I finished this book out of obligation but I will not be recommending it to anyone.

There is a rape scene in the eighty-percent mark of the book. Since there was no warning in the book, I’m providing one now.

I gave this book two stars. It’s a fast read so getting through it isn’t difficult. That said, the pacing is too fast. Things happen one after the other in an awkwardly paced domino effect that left me wondering if I’d somehow missed something. The description of the main character using the jubilation, or jubin’ as it’s said by her mother and grandmother, also isn’t distinctly described. It’s just suddenly happening.

There are few descriptions of the actual town she lives in, so few I actually forgot where it happened. I appreciate seeing a way of speaking that I never thought I’d see published--the way my family speaks and other people I’ve known. That was nice.
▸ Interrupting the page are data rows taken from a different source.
Definition charge (X : {set gvert k}) (p : gvert k * gvert k) : rat :=
  if cutp X p then gcost p else 0.

Lemma charge_ge0 X p : 0 <= charge X p.
Proof. by rewrite /charge; case: ifP => // _; apply: gcost_ge0. Qed.

Lemma cutcost_split X : cutcost X =
  \sum_(a < n.+2) \sum_(b < k) charge X (vedge a b)
  + \sum_(a < k) \sum_(b < n.+2) charge X (hedge a b)
  + (\sum_(b < k) charge X (vterm b) + \sum_(a < k) charge X (hterm a)).
Proof.
rewrite /cutcost big_mkcond /=.
transitivity (\sum_(e : gedge k) charge X (val e)).
  by apply: eq_bigr => e _; rewrite inE.
rewrite sum_over_edges !big_sumType /= !pair_bigA /=.
by congr (_ + _ + _); apply: eq_bigr => -[].
Qed.

Definition col_cuts (X : {set gvert k}) (b : nat) : nat :=
  \sum_(a < n.+2) cutp X (vedge a b).

Definition hweight (X : {set gvert k}) (a b : nat) : rat :=
  if cutp X (hedge a b) then 1 - b.+1%:R / K else 0.

Lemma hweight_ge0 X a b : (b < k)%N -> 0 <= hweight X a b.
Proof.
by move=> hb; rewrite /hweight; case: ifP => // _; rewrite subr_ge0 frac_K_le1.
Qed.

Lemma row_hweight_ge0 X a : 0 <= \sum_(b < n.+2) hweight X a b.
Proof. by apply: sumr_ge0 => b _; rewrite hweight_ge0 // leqW. Qed.

Lemma light_cost_le X :
  (\sum_(b < n.+2) col_cuts X b)%:R + \sum_(a < n.+2) \sum_(b < n.+2) hweight X a b
    <= cutcost X.
Proof.
have ge0 := charge_ge0 X.
rewrite cutcost_split; apply: ler_wpDr; first by rewrite addr_ge0 ?sumr_ge0.
apply: lerD.
  rewrite /col_cuts natr_sum; under eq_bigr do rewrite natr_sum.
  rewrite exchange_big /=; apply: ler_sum => a _.
  rewrite [X in _ <= X]big_ord_recr /= ler_wpDr //; apply: ler_sum => b _.
  rewrite /charge gcost_vedge ?(leqW (ltn_ord b)) // (ltn_eqF (ltn_ord b)).
  by case: cutp.
rewrite [X in _ <= X]big_ord_recr /= ler_wpDr ?sumr_ge0 //.
apply: ler_sum => a _; apply: ler_sum => b _.
by rewrite /charge /hweight gcost_hedge ?(leqW (ltn_ord a)) // (ltn_eqF (ltn_ord a)).
Qed.

Definition Sij (i j : nat) : {set gvert k} := [set x : gvert k |
  match x with
  | inl _ => false
  | inr (inl b) => (b <= j)%N
  | inr (inr a) => (a <= i)%N
  end].

Definition Rij (i j : nat) : {set gvert k} := [set x : gvert k |
  match x with
  | inl (a, b) => (a <= i)%N && (b <= j)%N
  | inr (inl b) => (b <= j)%N
  | inr (inr a) => (a <= i)%N
  end].

Definition Bij (i j : nat) : rat := j.+1%:R + i.+1%:R * (1 - j.+1%:R / K).

Lemma Sij_nontrivial i j : (j < n.+2)%N -> nontrivial_bip (Sij i j).
Proof.
move=> hj; split; first by apply/subsetP => -[x|[b|a]]; rewrite !inE.
split; first by apply/set0Pn; exists (inr (inl ord0)); rewrite inE.
apply/eqP => /setP/(_ (inr (inl ord_max))); rewrite !inE /=.
by move/idP; rewrite leqNgt hj.
Qed.

Lemma Rij_terminals i j : Rij i j :&: terminals k = Sij i j.
Proof. by apply/setP => -[[a b]|[b|a]]; rewrite !inE ?andbF ?andbT. Qed.

Lemma mem_u_Rij i j a b : (a < k)%N -> (b < k)%N ->
  (u a b \in Rij i j) = (a <= i)%N && (b <= j)%N.
Proof. by move=> ha hb; rewrite inE /= !inordK. Qed.
(* Let $S$ be a strongly $E^*$-unitary inverse semigroup (with zero) and $R$ a commutative unital ring. Then $L_R(S)\cong A_R(\mathcal G_{\mathrm{tight}}(S))$, where $\mathcal G_{\mathrm{tight}}(S)$ is Exel's groupoid of tight representations (tight groupoid) of $S$ and $A_R$ denotes the Steinberg algebra over $R$.
   Context: $S$ is an inverse semigroup with zero, $s^*$ the unique inverse of $s$, $E$ its idempotents (a meet semilattice with $x\wedge y=xy$, least element $0$), $S^\times=S\setminus\{0\}$, $E^\times=E\setminus\{0\}$. A pure grading is a map $\varphi:S^\times\to G$ to a group with $\varphi(ab)=\varphi(a)\varphi(b)$ whenever $ab\ne0$ and $\varphi^{-1}(1_G)=E^\times$; $S$ is strongly $E^*$-unitary if it has one. For $g\in G$, $E_g=\{x\in E: x\le ss^*$ for some $s$ with $\varphi(s)=g\}$ if $\varphi^{-1}(g)\ne\emptyset$, else $\{0\}$. $\phi_g:E_{g^{-1}}\to E_g$, $x\mapsto sxs^*$ (any $s$ with $\varphi(s)=g$, $x\le s^*s$) is a meet-semilattice isomorphism. For a meet semilattice $P$ with $0$: a filter is a subset $F$, $\emptyset\ne F\ne P$, closed upwards and under meets; $F(P)$ has topology generated by $\{F:x\in F\}$; tight filters $T(P)$ are the closure of the ultrafilters; $V^P_{(x:x_1,\dots,x_n)}=\{\xi\in T(P):x\in\xi, x_i\notin\xi\}$; $\mathcal T_c(P)$ is the generalized Boolean algebra of compact open subsets of $T(P)$. $\mathcal T_c(E_g)$ is identified with the ideal of $\mathcal T_c(E)$ of compact open sets contained in $\bigcup_{x\in E_g}V^E_x$, and $\hat\phi_g:\mathcal T_c(E_{g^{-1}})\to\mathcal T_c(E_g)$ is the isomorphism induced by $\phi_g$ ($V_{(x:x_1,\dots,x_n)}\mapsto V_{(\phi_g(x):\phi_g(x_1),\dots,\phi_g(x_n))}$). $\Phi=(\{\mathcal T_c(E_g)\},\{\hat\phi_g\})$ is a partial action of $G$ on $\mathcal T_c(E)$. For a partial action $\Phi=(\{\mathcal I_t\},\{\phi_t\})$ on a generalized Boolean algebra $\mathcal B$ and commutative unital ring $R$: $\mathrm{Lc}(R,\mathcal B)$ is the $R$-algebra of functions $f:R\setminus\{0\}\to\mathcal B$ with pairwise disjoint values, almost all $0$, viewed as the function $\sum_r r1_{f(r)}$ (equivalently locally constant compactly supported $R$-valued functions on the Stone dual of $\mathcal B$); $\mathrm{Lc}(R,\mathcal B)\rtimes_\Phi G$ consists of finite sums $\sum_t f_t\delta_t$, $f_t\in\mathrm{Lc}(R,\mathcal I_t)$, with $(a\delta_s)(b\delta_t)=\tilde\phi_s(\tilde\phi_{s^{-1}}(a)b)\delta_{st}$, $\tilde\phi_t(f)=\phi_t\circ f$. $L_R(S,\varphi):=\mathrm{Lc}(R,\mathcal T_c(E))\rtimes_\Phi G$; up to isomorphism it does not depend on the pure grading, and is written $L_R(S)$. *)

From HB Require Import structures.
From mathcomp Require Import all_boot all_algebra.
From Stdlib Require Import ClassicalEpsilon.
From Stdlib Require List.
Unfortunately the characters weren’t very stand out. I know the MC had two guy friends but I couldn’t remember them by the seventy-percent mark of the book. The main character’s voice is very distinct but even she feels a little flat to me.
She paid so little attention to one friend for years that when it turns out she’s not kind to him she’s actually surprised.

I won’t spoil the ending. The main character does change and learns to be a bit more open and understanding. There’s an lgbtq+ character who doesn’t die which is always a positive.

All in all, I will not read this book again, or recommend it. It gets two stars for being decently written in some spots but the pacing is a massive downfall and the flatness of so many characters, the disjointed feeling of so many of the action scenes, it’s too much to give it anything higher.
I really wanted to love this book. It’s the first book I’ve read that I regret reading.